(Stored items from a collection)
----
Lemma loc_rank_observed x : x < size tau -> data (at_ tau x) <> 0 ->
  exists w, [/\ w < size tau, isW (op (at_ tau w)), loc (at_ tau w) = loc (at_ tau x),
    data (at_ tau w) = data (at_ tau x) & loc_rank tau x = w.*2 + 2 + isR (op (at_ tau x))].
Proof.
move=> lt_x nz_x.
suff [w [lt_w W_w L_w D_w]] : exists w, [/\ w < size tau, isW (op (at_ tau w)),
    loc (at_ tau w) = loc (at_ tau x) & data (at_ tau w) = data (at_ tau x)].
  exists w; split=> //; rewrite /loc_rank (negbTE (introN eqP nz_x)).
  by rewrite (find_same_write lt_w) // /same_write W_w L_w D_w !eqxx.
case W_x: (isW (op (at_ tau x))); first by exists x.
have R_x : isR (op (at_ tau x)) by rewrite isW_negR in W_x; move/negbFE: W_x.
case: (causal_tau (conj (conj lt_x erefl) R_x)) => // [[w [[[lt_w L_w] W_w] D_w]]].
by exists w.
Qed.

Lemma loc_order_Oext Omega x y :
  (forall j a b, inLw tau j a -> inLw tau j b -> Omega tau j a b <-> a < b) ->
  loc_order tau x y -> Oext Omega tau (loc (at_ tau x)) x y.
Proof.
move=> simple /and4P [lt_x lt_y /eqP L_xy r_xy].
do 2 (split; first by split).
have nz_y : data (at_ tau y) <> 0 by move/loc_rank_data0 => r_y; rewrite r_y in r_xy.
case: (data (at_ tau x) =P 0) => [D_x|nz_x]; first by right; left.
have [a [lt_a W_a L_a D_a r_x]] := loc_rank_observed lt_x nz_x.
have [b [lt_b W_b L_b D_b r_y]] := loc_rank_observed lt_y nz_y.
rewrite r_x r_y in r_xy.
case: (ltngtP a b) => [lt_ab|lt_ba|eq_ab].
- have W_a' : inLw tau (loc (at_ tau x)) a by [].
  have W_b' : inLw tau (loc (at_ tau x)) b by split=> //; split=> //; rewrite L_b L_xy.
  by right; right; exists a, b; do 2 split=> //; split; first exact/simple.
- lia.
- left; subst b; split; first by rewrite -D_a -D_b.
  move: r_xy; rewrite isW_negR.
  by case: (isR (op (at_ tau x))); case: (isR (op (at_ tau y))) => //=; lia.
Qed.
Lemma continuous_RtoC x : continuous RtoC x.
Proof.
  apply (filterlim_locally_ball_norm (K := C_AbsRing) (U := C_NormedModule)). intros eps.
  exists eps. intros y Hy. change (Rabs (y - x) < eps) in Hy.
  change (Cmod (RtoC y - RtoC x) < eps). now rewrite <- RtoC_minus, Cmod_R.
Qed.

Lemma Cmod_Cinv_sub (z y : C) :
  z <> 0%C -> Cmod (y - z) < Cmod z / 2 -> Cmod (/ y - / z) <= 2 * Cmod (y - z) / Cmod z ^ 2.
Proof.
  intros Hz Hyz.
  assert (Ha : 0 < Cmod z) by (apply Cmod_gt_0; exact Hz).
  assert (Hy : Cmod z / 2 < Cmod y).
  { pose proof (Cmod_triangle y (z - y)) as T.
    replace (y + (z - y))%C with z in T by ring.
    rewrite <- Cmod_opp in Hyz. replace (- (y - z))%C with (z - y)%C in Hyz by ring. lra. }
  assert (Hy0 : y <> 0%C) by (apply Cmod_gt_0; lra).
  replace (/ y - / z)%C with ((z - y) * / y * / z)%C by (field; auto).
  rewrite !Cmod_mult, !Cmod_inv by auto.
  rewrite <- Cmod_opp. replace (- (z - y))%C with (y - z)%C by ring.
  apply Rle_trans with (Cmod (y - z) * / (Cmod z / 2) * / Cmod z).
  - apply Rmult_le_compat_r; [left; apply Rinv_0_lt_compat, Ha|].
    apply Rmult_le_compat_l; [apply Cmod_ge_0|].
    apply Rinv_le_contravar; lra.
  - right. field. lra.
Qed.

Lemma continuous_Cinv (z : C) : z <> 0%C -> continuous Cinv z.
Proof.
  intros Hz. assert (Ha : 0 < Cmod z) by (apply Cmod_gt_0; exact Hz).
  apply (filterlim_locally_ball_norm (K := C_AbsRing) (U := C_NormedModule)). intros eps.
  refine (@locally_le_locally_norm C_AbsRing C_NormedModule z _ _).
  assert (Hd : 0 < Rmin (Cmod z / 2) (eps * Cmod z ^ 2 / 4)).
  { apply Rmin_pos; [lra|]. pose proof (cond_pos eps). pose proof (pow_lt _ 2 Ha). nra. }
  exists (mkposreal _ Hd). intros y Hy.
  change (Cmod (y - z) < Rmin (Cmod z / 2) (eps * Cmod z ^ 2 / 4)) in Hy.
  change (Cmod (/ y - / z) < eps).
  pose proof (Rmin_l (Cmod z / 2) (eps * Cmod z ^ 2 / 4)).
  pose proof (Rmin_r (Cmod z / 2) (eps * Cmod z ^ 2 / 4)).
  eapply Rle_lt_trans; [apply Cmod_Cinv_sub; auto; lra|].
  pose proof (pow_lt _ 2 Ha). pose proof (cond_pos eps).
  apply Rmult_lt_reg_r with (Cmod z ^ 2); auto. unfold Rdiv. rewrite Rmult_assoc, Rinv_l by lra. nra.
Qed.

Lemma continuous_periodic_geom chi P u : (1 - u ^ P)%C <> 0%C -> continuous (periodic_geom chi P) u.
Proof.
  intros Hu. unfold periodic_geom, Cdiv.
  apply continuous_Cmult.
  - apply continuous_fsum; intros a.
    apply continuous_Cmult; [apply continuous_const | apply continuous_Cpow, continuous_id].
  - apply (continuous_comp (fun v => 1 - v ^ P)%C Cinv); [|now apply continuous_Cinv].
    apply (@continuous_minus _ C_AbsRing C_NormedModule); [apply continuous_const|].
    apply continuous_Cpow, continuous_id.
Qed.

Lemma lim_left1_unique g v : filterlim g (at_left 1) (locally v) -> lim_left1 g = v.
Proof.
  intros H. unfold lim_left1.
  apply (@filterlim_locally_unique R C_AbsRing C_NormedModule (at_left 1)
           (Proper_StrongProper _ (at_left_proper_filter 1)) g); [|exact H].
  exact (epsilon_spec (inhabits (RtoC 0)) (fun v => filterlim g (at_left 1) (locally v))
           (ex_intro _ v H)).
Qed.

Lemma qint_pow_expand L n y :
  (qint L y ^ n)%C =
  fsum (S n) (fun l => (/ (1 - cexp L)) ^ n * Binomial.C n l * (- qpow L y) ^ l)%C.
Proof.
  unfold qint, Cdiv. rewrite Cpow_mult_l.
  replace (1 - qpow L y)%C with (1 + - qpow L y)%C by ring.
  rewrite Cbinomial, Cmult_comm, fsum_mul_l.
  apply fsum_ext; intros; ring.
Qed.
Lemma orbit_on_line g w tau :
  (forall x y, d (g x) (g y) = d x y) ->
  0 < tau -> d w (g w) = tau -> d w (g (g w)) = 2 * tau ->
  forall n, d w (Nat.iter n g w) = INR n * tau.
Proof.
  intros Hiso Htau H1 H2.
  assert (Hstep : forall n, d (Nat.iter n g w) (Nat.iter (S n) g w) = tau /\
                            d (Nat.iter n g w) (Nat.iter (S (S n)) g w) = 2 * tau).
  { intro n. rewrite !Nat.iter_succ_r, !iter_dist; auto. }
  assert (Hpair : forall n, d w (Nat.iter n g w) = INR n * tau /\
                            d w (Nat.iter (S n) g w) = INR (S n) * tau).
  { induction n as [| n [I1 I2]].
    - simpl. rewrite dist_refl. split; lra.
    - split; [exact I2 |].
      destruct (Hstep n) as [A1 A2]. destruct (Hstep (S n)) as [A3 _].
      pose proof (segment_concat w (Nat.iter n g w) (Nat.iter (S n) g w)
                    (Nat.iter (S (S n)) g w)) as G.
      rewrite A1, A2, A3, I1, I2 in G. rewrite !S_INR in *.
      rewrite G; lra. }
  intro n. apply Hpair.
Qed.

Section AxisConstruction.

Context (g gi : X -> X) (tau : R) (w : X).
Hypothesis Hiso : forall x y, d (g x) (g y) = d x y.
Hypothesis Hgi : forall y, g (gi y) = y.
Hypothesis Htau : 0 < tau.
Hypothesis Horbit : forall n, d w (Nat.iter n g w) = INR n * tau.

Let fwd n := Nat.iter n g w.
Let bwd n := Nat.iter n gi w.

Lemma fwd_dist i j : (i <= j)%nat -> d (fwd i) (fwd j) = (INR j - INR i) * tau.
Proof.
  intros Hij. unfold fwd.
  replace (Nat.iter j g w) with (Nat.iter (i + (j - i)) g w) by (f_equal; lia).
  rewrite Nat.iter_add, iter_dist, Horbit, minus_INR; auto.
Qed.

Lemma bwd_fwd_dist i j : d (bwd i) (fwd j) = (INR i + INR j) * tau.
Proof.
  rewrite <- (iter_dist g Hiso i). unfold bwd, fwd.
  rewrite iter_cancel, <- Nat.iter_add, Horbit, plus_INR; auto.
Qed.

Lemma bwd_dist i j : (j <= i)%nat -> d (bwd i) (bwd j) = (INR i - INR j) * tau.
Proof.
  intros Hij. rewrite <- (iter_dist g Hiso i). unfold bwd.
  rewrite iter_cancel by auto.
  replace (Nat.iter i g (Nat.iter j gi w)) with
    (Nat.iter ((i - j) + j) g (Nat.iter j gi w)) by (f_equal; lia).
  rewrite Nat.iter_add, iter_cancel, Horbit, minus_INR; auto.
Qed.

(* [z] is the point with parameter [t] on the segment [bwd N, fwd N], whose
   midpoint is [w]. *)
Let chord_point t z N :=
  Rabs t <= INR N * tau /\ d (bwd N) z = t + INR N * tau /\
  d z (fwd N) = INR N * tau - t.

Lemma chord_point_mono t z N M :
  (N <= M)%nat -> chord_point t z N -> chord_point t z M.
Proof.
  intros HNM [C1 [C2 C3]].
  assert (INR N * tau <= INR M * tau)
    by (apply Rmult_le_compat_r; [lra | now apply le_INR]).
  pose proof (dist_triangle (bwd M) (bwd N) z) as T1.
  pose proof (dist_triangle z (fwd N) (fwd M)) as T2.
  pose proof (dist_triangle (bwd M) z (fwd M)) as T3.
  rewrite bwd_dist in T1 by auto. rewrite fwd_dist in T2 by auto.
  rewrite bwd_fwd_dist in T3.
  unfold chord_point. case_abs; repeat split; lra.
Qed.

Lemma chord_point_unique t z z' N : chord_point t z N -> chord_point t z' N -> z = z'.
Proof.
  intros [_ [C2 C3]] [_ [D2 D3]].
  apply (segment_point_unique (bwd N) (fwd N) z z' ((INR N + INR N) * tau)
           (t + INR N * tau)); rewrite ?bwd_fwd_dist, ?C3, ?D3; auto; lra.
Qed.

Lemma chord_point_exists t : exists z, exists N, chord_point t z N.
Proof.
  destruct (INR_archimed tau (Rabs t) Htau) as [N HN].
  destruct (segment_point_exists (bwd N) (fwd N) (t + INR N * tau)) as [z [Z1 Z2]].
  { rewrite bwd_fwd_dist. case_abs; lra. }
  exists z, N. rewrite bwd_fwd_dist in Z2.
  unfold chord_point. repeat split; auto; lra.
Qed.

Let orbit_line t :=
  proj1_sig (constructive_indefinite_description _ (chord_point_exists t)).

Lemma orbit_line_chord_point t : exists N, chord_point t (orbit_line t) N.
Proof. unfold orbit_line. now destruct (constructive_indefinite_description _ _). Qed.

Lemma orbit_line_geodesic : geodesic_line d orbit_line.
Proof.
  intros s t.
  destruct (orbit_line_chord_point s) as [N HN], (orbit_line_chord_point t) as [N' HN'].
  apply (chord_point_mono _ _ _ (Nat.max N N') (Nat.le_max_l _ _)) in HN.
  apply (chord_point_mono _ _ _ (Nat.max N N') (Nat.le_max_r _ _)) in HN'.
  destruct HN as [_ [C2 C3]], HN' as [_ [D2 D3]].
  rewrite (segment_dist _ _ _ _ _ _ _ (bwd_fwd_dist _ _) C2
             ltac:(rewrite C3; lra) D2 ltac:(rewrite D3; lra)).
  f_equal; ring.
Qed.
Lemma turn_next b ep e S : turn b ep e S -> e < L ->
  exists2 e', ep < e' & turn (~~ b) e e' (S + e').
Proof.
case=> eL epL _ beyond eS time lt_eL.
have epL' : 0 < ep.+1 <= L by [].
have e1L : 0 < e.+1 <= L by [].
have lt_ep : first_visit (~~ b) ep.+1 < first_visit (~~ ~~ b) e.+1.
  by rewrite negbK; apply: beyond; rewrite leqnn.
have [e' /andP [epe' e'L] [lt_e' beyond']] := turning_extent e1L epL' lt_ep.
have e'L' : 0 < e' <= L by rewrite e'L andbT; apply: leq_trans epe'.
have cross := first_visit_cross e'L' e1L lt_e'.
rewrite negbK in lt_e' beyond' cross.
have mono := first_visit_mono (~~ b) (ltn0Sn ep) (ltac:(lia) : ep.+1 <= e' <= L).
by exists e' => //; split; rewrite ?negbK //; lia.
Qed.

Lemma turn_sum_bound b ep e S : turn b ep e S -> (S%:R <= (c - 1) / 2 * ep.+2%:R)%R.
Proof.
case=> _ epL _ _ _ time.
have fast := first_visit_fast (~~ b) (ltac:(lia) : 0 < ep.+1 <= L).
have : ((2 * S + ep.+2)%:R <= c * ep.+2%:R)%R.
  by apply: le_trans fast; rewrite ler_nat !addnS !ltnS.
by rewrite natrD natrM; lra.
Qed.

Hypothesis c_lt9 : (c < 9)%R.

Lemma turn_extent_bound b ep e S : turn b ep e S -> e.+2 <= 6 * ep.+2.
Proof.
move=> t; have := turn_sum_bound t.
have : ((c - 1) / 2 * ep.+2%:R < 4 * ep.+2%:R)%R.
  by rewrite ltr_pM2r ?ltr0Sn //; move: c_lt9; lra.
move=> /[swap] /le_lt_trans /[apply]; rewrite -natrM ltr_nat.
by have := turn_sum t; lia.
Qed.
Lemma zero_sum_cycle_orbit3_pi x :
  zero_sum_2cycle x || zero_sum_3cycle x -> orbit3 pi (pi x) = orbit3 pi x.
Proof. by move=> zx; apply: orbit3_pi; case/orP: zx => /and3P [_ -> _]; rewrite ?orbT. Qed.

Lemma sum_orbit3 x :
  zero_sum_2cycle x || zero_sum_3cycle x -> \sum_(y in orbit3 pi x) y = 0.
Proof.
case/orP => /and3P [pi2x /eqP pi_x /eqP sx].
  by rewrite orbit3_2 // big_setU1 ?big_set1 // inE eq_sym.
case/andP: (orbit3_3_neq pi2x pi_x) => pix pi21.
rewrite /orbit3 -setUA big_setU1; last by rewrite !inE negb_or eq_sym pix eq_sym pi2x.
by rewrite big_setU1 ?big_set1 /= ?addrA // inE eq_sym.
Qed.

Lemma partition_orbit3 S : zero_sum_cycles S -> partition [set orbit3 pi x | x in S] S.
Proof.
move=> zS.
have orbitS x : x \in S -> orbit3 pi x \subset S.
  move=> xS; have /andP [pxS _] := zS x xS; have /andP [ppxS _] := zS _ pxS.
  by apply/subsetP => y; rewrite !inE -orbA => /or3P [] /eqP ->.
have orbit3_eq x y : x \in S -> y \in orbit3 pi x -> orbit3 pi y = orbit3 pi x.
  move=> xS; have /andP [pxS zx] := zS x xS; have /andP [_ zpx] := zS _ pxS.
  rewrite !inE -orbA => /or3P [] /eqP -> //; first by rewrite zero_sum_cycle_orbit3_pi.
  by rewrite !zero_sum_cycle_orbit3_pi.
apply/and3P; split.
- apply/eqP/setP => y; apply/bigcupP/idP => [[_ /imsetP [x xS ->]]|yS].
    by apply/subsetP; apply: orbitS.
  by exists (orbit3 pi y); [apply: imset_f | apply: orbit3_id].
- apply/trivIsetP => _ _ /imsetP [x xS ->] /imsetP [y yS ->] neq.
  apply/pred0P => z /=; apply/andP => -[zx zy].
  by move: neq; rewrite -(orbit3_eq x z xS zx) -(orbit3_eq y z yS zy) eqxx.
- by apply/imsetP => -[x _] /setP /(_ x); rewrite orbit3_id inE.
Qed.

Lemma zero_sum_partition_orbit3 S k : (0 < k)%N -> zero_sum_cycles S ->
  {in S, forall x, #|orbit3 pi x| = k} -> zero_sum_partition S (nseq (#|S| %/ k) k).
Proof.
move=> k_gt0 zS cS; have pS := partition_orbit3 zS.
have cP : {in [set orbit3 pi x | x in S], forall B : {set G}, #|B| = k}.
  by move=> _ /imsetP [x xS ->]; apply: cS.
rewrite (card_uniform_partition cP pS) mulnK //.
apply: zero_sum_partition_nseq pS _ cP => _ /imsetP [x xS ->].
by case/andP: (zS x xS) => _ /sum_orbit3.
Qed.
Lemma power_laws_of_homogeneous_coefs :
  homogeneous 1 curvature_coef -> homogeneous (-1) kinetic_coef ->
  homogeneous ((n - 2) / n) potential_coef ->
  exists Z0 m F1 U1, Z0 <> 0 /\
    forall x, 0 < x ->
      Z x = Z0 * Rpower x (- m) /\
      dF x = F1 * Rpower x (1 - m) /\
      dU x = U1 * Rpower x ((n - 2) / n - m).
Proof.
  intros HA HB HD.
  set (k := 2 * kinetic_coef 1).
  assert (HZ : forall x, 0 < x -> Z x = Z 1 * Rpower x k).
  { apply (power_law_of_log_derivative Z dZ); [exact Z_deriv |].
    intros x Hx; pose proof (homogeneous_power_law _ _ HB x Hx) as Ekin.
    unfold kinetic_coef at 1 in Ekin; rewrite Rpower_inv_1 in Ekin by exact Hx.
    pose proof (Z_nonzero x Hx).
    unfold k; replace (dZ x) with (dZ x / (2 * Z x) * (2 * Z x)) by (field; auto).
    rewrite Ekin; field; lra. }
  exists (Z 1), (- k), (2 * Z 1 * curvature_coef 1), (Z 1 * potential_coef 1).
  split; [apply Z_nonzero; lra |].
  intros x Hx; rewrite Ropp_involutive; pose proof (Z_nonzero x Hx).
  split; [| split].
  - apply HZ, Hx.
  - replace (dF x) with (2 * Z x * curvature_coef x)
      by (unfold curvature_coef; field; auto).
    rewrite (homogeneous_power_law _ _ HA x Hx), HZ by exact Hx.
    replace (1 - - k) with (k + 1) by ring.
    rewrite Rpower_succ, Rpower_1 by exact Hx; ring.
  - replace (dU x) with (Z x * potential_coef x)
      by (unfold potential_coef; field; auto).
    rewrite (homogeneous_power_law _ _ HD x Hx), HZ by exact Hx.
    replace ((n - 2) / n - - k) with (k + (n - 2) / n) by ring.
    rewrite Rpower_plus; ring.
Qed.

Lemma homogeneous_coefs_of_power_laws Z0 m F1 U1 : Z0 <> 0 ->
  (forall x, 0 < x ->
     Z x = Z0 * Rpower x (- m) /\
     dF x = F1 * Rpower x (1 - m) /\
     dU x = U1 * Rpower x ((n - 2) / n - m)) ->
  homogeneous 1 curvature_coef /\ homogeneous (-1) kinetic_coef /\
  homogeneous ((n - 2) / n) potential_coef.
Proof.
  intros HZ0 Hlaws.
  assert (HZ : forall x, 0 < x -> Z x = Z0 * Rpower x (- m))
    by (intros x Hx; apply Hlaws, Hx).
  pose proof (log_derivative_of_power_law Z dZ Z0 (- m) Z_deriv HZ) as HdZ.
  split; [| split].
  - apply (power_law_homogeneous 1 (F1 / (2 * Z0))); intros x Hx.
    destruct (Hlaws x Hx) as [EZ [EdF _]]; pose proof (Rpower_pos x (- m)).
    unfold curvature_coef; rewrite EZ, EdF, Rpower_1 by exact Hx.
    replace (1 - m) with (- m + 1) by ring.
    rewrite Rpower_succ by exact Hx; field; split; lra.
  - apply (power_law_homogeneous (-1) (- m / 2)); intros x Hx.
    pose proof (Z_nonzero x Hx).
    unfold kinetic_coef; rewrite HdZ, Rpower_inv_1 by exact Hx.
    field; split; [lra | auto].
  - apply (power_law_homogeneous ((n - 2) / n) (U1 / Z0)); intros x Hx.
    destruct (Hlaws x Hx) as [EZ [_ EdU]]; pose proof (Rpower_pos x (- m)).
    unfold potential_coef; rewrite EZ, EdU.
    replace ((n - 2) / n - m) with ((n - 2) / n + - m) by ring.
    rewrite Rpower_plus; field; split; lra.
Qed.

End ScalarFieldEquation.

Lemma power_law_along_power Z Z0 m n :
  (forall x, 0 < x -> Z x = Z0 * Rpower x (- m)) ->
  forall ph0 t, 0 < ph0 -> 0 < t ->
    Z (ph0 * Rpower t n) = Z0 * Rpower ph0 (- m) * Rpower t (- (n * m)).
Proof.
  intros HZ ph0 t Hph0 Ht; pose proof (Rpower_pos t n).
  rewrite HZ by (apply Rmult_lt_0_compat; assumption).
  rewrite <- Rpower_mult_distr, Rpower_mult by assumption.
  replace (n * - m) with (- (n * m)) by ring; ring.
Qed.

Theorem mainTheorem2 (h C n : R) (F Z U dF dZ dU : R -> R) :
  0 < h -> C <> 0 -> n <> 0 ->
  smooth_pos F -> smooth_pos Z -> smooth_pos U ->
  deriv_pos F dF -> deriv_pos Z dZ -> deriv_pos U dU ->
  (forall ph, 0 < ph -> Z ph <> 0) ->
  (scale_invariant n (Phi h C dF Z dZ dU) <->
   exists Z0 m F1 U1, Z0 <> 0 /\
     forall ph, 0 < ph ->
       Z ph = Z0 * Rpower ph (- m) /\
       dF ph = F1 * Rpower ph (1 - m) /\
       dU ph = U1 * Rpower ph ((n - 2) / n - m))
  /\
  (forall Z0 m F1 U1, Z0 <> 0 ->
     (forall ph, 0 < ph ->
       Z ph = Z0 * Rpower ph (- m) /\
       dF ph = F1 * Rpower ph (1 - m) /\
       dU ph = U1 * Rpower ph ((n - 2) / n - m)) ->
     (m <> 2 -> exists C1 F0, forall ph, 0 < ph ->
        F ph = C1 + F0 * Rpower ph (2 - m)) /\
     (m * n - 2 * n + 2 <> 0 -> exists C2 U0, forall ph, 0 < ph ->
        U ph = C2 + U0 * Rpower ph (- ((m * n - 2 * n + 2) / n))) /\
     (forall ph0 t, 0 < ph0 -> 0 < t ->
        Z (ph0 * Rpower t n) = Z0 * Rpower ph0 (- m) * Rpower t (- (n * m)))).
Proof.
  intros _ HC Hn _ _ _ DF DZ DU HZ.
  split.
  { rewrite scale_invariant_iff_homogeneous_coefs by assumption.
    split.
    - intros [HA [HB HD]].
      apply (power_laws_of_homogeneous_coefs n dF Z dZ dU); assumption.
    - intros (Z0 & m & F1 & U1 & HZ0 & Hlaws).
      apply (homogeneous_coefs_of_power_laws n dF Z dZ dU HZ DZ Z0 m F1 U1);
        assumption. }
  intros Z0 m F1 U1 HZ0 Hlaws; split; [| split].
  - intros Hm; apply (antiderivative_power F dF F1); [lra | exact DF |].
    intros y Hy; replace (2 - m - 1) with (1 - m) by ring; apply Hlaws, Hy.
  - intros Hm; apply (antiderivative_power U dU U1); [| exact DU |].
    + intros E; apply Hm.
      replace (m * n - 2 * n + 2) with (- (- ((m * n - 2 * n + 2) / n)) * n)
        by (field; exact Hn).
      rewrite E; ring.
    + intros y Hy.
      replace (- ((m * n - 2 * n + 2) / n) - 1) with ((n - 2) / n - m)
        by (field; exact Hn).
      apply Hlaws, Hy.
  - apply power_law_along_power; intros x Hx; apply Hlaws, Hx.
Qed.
----
▸ **Work to complete**
The entries above hold the needed span. Transcribe exactly the lines from the one with "Proof. unfold orbit_line." to the one with "Lemma turn_next b", both included.

▸ **Solution to this task**
Proof. unfold orbit_line. now destruct (constructive_indefinite_description _ _). Qed.

Lemma orbit_line_geodesic : geodesic_line d orbit_line.
Proof.
  intros s t.
  destruct (orbit_line_chord_point s) as [N HN], (orbit_line_chord_point t) as [N' HN'].
  apply (chord_point_mono _ _ _ (Nat.max N N') (Nat.le_max_l _ _)) in HN.
  apply (chord_point_mono _ _ _ (Nat.max N N') (Nat.le_max_r _ _)) in HN'.
  destruct HN as [_ [C2 C3]], HN' as [_ [D2 D3]].
  rewrite (segment_dist _ _ _ _ _ _ _ (bwd_fwd_dist _ _) C2
             ltac:(rewrite C3; lra) D2 ltac:(rewrite D3; lra)).
  f_equal; ring.
Qed.
Lemma turn_next b ep e S : turn b ep e S -> e < L ->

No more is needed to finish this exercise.